There are a number of statistical journals on the web with free content. Many of these are listed at the Directory of Open Access Journals   http://www.doaj.org/doaj?func=subject&cpid=59   page on statistics.  Some of the journals listed here include the Latin American Journal of Probability and Mathematical Statistics  http://alea.impa.br/english/index_v7.htm ,  the Electronic Journal of Applied Statistical Analysis  http://siba-ese.unisalento.it/index.php/ejasa/index ,   and the Journal of Official Statistics  http://www.jos.nu/ 

There are resources about dozens of specific topics on the web.  Some of these topics include epidemiology, graphical analysis and presentation, missing data, forecasting, gathering data and meta-analysis.

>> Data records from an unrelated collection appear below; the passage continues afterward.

(* Let $\kappa > 0$ and let $(X,d)$ be a compact CAT$(\kappa)$ space such that $d(v,w) < \pi/(2\sqrt{\kappa})$ for all $v,w \in X$. Let $N \ge 1$ and let $f = \sum_{i=1}^N f_i$, where each $f_i : X \to (-\infty,\infty]$ is proper, convex and lower semi-continuous, and suppose $f$ attains its minimum. Let $x_0 \in X$ and let $(\lambda_j)_{j\ge0}$ be a sequence of positive real numbers with $\sum_{j \ge 0}\lambda_j = \infty$ and $\sum_{j\ge 0}\lambda_j^2 < \infty$. Define $(x_n)$ by \[ x_{jN+i} = J^i_{\lambda_j}(x_{jN+i-1}), \qquad j \ge 0,\ i \in \{1,\ldots,N\}, \] where $J^i_\lambda(x) = \operatorname{argmin}_{y\in X}\left[f_i(y) + \frac{1}{\lambda}\Psi_x(y)\right]$. Suppose there exists $L > 0$ such that for every $j \in \mathbb{N}$ and $i \in \{1,\ldots,N\}$, \[ f_i(x_{jN}) - f_i(x_{jN+i}) \le L\, d(x_{jN},x_{jN+i}) \quad\text{and}\quad f_i(x_{jN+i-1}) - f_i(x_{jN+i}) \le L\, d(x_{jN+i-1},x_{jN+i}). \] Then $(x_n)$ converges to a minimum point of $f$.
   Context: A CAT$(\kappa)$ space ($\kappa>0$) is a metric space in which any two points at distance $<\pi/\sqrt{\kappa}$ are joined by a geodesic and every geodesic triangle of perimeter $<2\pi/\sqrt{\kappa}$ satisfies the CAT$(\kappa)$ comparison inequality with respect to its comparison triangle in the sphere of constant curvature $\kappa$. Writing $(1-t)x+ty$ for the point at distance $t\,d(x,y)$ from $x$ on the geodesic from $x$ to $y$, a function $g$ is convex if $g((1-t)x+ty) \le (1-t)g(x)+tg(y)$ for all $x,y$, $t\in[0,1]$; proper means not identically $\infty$. For $x \in X$, $\Psi_x : X \to [0,\infty)$ is $\Psi_x(y) = \frac{1}{\kappa\cos(\sqrt{\kappa}\,d(y,x))} - \frac{\cos(\sqrt{\kappa}\,d(y,x))}{\kappa}$; for each proper convex lower semi-continuous $g$ and $\lambda>0$ the minimizer $\operatorname{argmin}_{y\in X}[g(y)+\frac1\lambda\Psi_x(y)]$ exists and is unique under the stated assumptions, so the $J^i_\lambda$ are well-defined maps $X\to X$. *)

From Stdlib Require Import Reals Lra List.
From Coquelicot Require Import Coquelicot.
Open Scope R_scope.

Definition is_metric {X : Type} (d : X -> X -> R) : Prop :=
  (forall x y, 0 <= d x y) /\
  (forall x y, d x y = 0 <-> x = y) /\
  (forall x y, d x y = d y x) /\
  (forall x y z, d x z <= d x y + d y z).

Definition m_open {X : Type} (d : X -> X -> R) (U : X -> Prop) : Prop :=
  forall x, U x -> exists e, 0 < e /\ forall y, d x y < e -> U y.

Definition m_compact {X : Type} (d : X -> X -> R) : Prop :=
  forall (I : Type) (U : I -> X -> Prop),
    (forall i, m_open d (U i)) -> (forall x, exists i, U i x) ->
    exists l : list I, forall x, exists i, In i l /\ U i x.

Definition geodesic {X : Type} (d : X -> X -> R) (x y : X) (g : R -> X) : Prop :=
  g 0 = x /\ g (d x y) = y /\
  forall s t, 0 <= s <= d x y -> 0 <= t <= d x y -> d (g s) (g t) = Rabs (s - t).

(** The model sphere M^2_kappa: unit vectors of R^3 with distance
    acos(<u,v>)/sqrt kappa. *)
Definition pt3 := (R * R * R)%type.
Definition dot3 (u v : pt3) : R :=
  let '(u1, u2, u3) := u in let '(v1, v2, v3) := v in u1 * v1 + u2 * v2 + u3 * v3.
Definition on_sphere (u : pt3) : Prop := dot3 u u = 1.
Definition dsph (kappa : R) (u v : pt3) : R := acos (dot3 u v) / sqrt kappa.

Epidemiology: The two best places to start for epidemiology are EpiMonitor,   http://www.epimonitor.net/index.htm, which has a very comprehensive list of links and the WWW Virtual Library: Epidemiology  http://www.epibiostat.ucsf.edu/epidem/epidem.html  another gateway.  Another very good place to start is epidemiolog, at http://www.epidemiolog.net/.  This site also has a fairly comprehensive listing of epidemiology sites, as well as an on-line textbook. First time visitors should start at  http://www.epidemiolog.net/evolving/ .  Another free on-line textbook is Epidemiology for the Uninitiated, at   http://resources.bmj.com/bmj/readers/epidemiology-for-the-uninitiated/epidemiology-for-the-uninitiated-fourth-edition   (from 1997)
     A very good place to find world epidemiological data, reports, issues and information is from WHO   http://www.who.int/topics/epidemiology/en/   which includes for example the 10 leading causes of death, and the  Weekly Epidemiological Record.
    There are also two interesting sites for learning epidemiology. One is the Epidemiology Supercourse, http://www.pitt.edu/~super1/, which is a set of on line lectures on various epidemiology courses.  These lectures can be downloaded and used, whole or in part, in your own lectures.  The North Carolina Center for Public Health Preparedness Training Website  http://nccphp.sph.unc.edu/training/   has free on line training for biostatistics, epidemiology, other topics. You can get certificates for each class you complete. Each class is 1/2 to 1 hour. 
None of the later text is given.